Other equipment-related injuries can be prevented by making sure all guards and shields are in place and functional, Wilkinson said. Farmers should familiarize themselves with the equipment operator's manual, the best source for information for preventing tractor and farm equipment-related injuries and fatalities. Conducting regular equipment inspections can also help prevent farm-related injuries by detecting and fixing equipment problems before use."

Also, working around Power Take-Off (PTO) machinery can be dangerous if workers are wearing loose clothing, as an entanglement could occur. Caution is urged when working around fruit and grain bins, silos, and livestock. Officials recommend that children 16 and under not work in these areas due to the high safety hazards, unless they are properly trained and closely supervised.

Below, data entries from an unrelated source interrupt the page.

(* For $p=(\alpha_1,\dots,\alpha_n)\in\mathbb{C}^n$, let $M_p=(x_1-\alpha_1)A+\dots+(x_n-\alpha_n)A$ and, for $1\le i\le n-2$, let $g_i=t_i(p)\,s_i-s_i(p)\,t_i\in A$. Then $M_p$ is a Poisson ideal of $A$ if and only if one of the following holds: (1) $p$ is a common zero of $s_i$ and $t_i$ for some $i$; (2) $g_1,\dots,g_{n-2}$ are algebraically dependent over $\mathbb{C}$; (3) $p$ is a singular point of the affine variety determined by $g_1,\dots,g_{n-2}$.
   Context: Let $n\ge 3$, $A=\mathbb{C}[x_1,\dots,x_n]$. Fix $s_1,t_1,\dots,s_{n-2},t_{n-2}\in A$ with each $t_i\ne 0$ and $s_i,t_i$ coprime, such that $s_1/t_1,\dots,s_{n-2}/t_{n-2}$ are algebraically independent over $\mathbb{C}$. $A$ carries the Poisson bracket $\{f,g\}=(t_1\cdots t_{n-2})^2\,\mathrm{Jac}(f,g,s_1/t_1,\dots,s_{n-2}/t_{n-2})$ ($\mathrm{Jac}$ = Jacobian determinant with respect to $x_1,\dots,x_n$). An ideal $I$ is a Poisson ideal if $\{I,A\}\subseteq I$. Note $g_i(p)=0$ for all $i$. In (3), the affine variety $\mathcal{V}(g_1,\dots,g_{n-2})$ is the one defined by the ideal generated by $g_1,\dots,g_{n-2}$ (of dimension $2$ when these are algebraically independent), and singularity is in the sense of the general Jacobian criterion for these generators: $p$ is singular iff the $(n-2)\times n$ matrix $\big(\partial g_i/\partial x_j(p)\big)$ has rank less than $n-2$. *)

From HB Require Import structures.
From mathcomp Require Import all_boot all_order all_algebra.
From mathcomp Require Import reals.
From mathcomp Require Import complex.
From mathcomp Require Import mpoly.
Set Implicit Arguments. Unset Strict Implicit. Unset Printing Implicit Defensive.
Import Order.TTheory GRing.Theory Num.Theory.
Local Open Scope ring_scope.

Notation "x %:F" := (@FracField.tofrac _ x) : ring_scope.

Section PoissonDefs.
Variables (R : realType) (n : nat).
Local Notation C := (complex R).
Local Notation A := {mpoly C[n]}.
Local Notation K := {fraction A}.

Definition mdvd (d f : A) : Prop := exists q : A, f = d * q.
Definition mcoprime (f g : A) : Prop :=
  forall d : A, mdvd d f -> mdvd d g -> d \is a GRing.unit.

Definition pderiv_frac (s t : A) (j : 'I_n) : K :=
  (t * s^`M(j) - s * t^`M(j))%:F / (t ^+ 2)%:F.

(* Jacobian matrix of (f, g, s_1/t_1, ..., s_{n-2}/t_{n-2}) w.r.t. x_1..x_n;
   row 0 = f, row 1 = g, row k+2 = s_(k)/t_(k) (indices of s,t start at 0). *)
Definition jac_matrix (s t : nat -> A) (f g : A) : 'M[K]_n :=
  \matrix_(i < n, j < n)
    if val i == 0%N then (f^`M(j))%:F
    else if val i == 1%N then (g^`M(j))%:F
    else pderiv_frac (s (val i - 2)%N) (t (val i - 2)%N) j.

Definition pbracket (s t : nat -> A) (f g : A) : K :=
  (\prod_(i < n - 2) (t i)%:F) ^+ 2 * \det (jac_matrix s t f g).

(* I is a Poisson ideal : {I, A} is contained in I (the bracket lands in A) *)
Definition poisson_ideal (s t : nat -> A) (I : A -> Prop) : Prop :=
  forall a b : A, I a -> exists c : A, I c /\ c%:F = pbracket s t a b.

Definition maxideal (p : 'I_n -> C) (f : A) : Prop :=
  exists a : 'I_n -> A, f = \sum_(i < n) ('X_i - (p i)%:MP) * a i.

(* algebraic dependence over C of a family v : 'I_k -> S, where the
   C-algebra structure of S is given by the ring morphism emb : C -> S *)
Definition alg_dependent (S : ringType) (emb : C -> S) (k : nat)
    (v : 'I_k -> S) : Prop :=
  exists P : {mpoly C[k]}, P != 0 /\ mmap emb v P = 0.

Definition gpoly (s t : nat -> A) (p : 'I_n -> C) (i : nat) : A :=
  (t i).@[p] *: s i - (s i).@[p] *: t i.

(* p is a singular point of V(g_1,...,g_{n-2}) (Jacobian criterion) *)
Definition singular_point (g : nat -> A) (p : 'I_n -> C) : Prop :=
  (\rank (\matrix_(i < n - 2, j < n) ((g i)^`M(j)).@[p]) < n - 2)%N.

End PoissonDefs.

From HB Require Import structures.
From mathcomp Require Import all_boot all_order all_algebra.
From mathcomp Require Import reals complex mpoly.
From mathcomp Require Import zify ring.
Set Implicit Arguments. Unset Strict Implicit. Unset Printing Implicit Defensive.
Import Order.TTheory GRing.Theory Num.Theory.
Local Open Scope ring_scope.

(* At p the matrix defining {f, g} has rows grad f(p), grad g(p) and
   t_i(p) grad s_i(p) - s_i(p) grad t_i(p) = grad g_i(p).  Bracketing the
   generators x_j - p_j and x_l of M_p, all these bordered determinants vanish
   iff the Jacobian matrix of g_1, ..., g_(n-2) at p is not of full rank, i.e.
   iff (3) holds, and then every bracket of M_p lies in M_p.  Condition (1)
   makes some g_i zero, hence implies (2). *)

Section MPolyRingInd.
Variables (R : ringType) (n : nat) (P : {mpoly R[n]} -> Prop).

Lemma mpoly_ring_ind :
  (forall c, P c%:MP) -> (forall i, P 'X_i) ->
  (forall f g, P f -> P g -> P (f + g)) -> (forall f g, P f -> P g -> P (f * g)) ->
  forall f, P f.
Proof.
move=> PC PX PD PM.
have PXm m : P 'X_[m].
  rewrite mpolyXE_id; apply: (big_ind P) => // [|i _]; first by rewrite -mpolyC1.
  elim: (m i) => [|e IH]; first by rewrite expr0 -mpolyC1.
  by rewrite exprS; apply: PM.
elim/mpolyind => [|c m f _ _ Pf]; first by rewrite -mpolyC0.
by rewrite -mul_mpolyC; apply: PD => //; apply: PM.
Qed.

End MPolyRingInd.

Lemma mderivXU (R : ringType) n (i j : 'I_n) :
  ('X_i : {mpoly R[n]})^`M(j) = ((i == j)%:R)%:MP.
Proof.
rewrite mderivX mnm1E; case: eqP => [->|_]; last by rewrite scale0r mpolyC0.
by rewrite -{1}[U_(j)%MM]add0m addmK mpolyX0 scale1r mpolyC1.
Qed.

Definition mgrad (R : comRingType) n (f : {mpoly R[n]}) (p : 'I_n -> R) : 'rV[R]_n :=
  \row_j (f^`M(j)).@[p].

Lemma mgradXsubC (R : comRingType) n (j : 'I_n) (c : R) p :
  mgrad ('X_j - c%:MP) p = delta_mx 0 j.
Proof.
by apply/rowP => l; rewrite !mxE mderivB mderivC subr0 mderivXU mevalC eq_sym.
Qed.

Section Jacobian.
Variables (R : comRingType) (n m : nat) (g : 'I_m -> {mpoly R[n]}).
Local Notation mcomp P := (mmap (fun c : R => c%:MP) g P).

Definition jacobian : 'M[{mpoly R[n]}]_(m, n) := \matrix_(i, j) (g i)^`M(j).

Lemma mderiv_mmap (P : {mpoly R[m]}) j :
  (mcomp P)^`M(j) = \sum_(i < m) mcomp (P^`M(i)) * (g i)^`M(j).
Proof.
elim/mpoly_ring_ind: P => [c|i|P Q hP hQ|P Q hP hQ].
- by rewrite mmapC mderivC big1 // => i _; rewrite mderivC mmap0 mul0r.
- rewrite mmapX mmap1U (bigD1 i) //= big1 ?addr0 => [|l /negbTE li].
    by rewrite mderivXU eqxx mmapC mul1r.
  by rewrite mderivXU eq_sym li mmapC mul0r.
- rewrite mmapD mderivD hP hQ -big_split; apply: eq_bigr => i _.
  by rewrite mderivD mmapD mulrDl.
rewrite rmorphM mderivM hP hQ mulr_suml mulr_sumr -big_split; apply: eq_bigr => i _.
by rewrite mderivM mmapD !rmorphM mulrDl mulrAC mulrA.
Qed.

End Jacobian.

Section CharZero.
Variables (R : numDomainType) (m : nat).
Implicit Types P : {mpoly R[m]}.

Lemma msize_mderiv_lt P i : P^`M(i) != 0 -> (msize (P^`M(i)) < msize P)%N.
Proof.
move=> dP_neq0.
have lt_supp mo : mo \in msupp (P^`M(i)) -> ((mdeg mo).+2 <= msize P)%N.
  rewrite mcoeff_msupp mcoeff_deriv => c_neq0.
  have : (mo + U_(i))%MM \in msupp P.
    by rewrite mcoeff_msupp; apply: contra c_neq0 => /eqP ->; rewrite mul0rn.
  by move/msize_mdeg_lt; rewrite mdegD mdeg1 addn1.
have [mo mo_in] : exists mo, mo \in msupp (P^`M(i)).
  case E : (msupp (P^`M(i))) => [|mo sP]; last by exists mo; rewrite mem_head.
  by move: dP_neq0; rewrite -msupp_eq0 E.
have : (msize (P^`M(i)) <= (msize P).-1)%N.
  by rewrite [msize _]msizeE; apply/bigmax_leqP_seq => mo' /lt_supp; lia.
by have := lt_supp _ mo_in; lia.
Qed.

Lemma mderiv_eq0_mpolyC P : (forall i, P^`M(i) = 0) -> P = (P@_0)%:MP.
Proof.
move=> dP0; apply/mpolyP => mo; rewrite mcoeffC.
have [->|mo_neq0] := eqVneq mo 0%MM; first by rewrite mulr1.
rewrite mulr0; have [i mo_i_gt0] : exists i, (0 < mo i)%N.
  apply/existsP; apply: contraNT mo_neq0 => /existsPn mo0.
  by apply/eqP/mnmP => i; rewrite mnm0E; have := mo0 i; case: (mo i).
have U_le_mo : (U_(i) <= mo)%MM.
  by apply/mnm_lepP => l; rewrite mnm1E; case: eqP => [<-|].
have := mcoeff_deriv i (mo - U_(i)) P; rewrite submK // dP0 mcoeff0 => /esym/eqP.
by rewrite mulrn_eq0 /= => /eqP.
Qed.

End CharZero.

Section AlgebraicRelation.
Variables (R : numDomainType) (n m : nat) (g : 'I_m -> {mpoly R[n]}).
Local Notation mcomp P := (mmap (fun c : R => c%:MP) g P).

Farmers handle a variety of agricultural chemicals and other toxic substances. Many materials are hazardous and can be fatal if not used and stored properly. Farmers are also exposed to dust, sun, noise, and other farming health hazards. In an effort to assist the farming community, ASSE offers these following safety tips:

  • Develop an awareness of hazards on the farm and prepare for emergency situations including machinery entanglements, fires, vehicle accidents, electrical shocks from equipment and wires, and adverse health effects from chemical exposures.
  • Reduce the risk of injury and illness with preventive measures. Read and follow instructions in equipment operator's manuals. Follow instructions on product labels for safe use, handling, and storage.
  • Enroll children in local farm safety camps. Be especially alert to hazards that may affect children and the elderly.
  • Conduct routine inspections of your equipment to determine problems and potential failures that may contribute to or cause an accident.
  • Conduct meetings with employees and family members to assess safety hazards, discuss potential accident situations, and outline emergency procedures.
  • Properly maintain tools, buildings, and equipment.
  • Provide approved Rollover Protective Structures (ROPS).
  • Use seat belts while the tractor is in operation on tractors equipped with a ROPS.
  • Make sure guards for farm equipment are put back on after maintenance to protect workers from moving machinery parts.
  • Review material safety data sheets and labels that come with all chemical products.
  • Communicate information concerning hazards to all workers. Prevent pesticide poisonings and dermatitis caused by chemicals by ensuring that protective measures recommended on the labels are taken.
  • Take the necessary precautions to prevent entrapment and suffocation caused by unstable surfaces of grain storage bins, silos, wagons and other storage structures.
  • Be aware that methane gas, carbon dioxide, ammonia and hydrogen sulfide can be present in unventilated grain silos and manure pits in quantities sufficient to cause asphyxiation or explosion.

Farmers are at great risk of contracting respiratory problems due to the amount of dust and chemicals they breathe in on a daily basis. Wearing protective equipment, which is readily available, can prevent acute and chronic respiratory illnesses. Protective equipment such as mechanical filters and chemical cartridge masks are air-purifying respirators that help protect lungs from harmful gases and dusts.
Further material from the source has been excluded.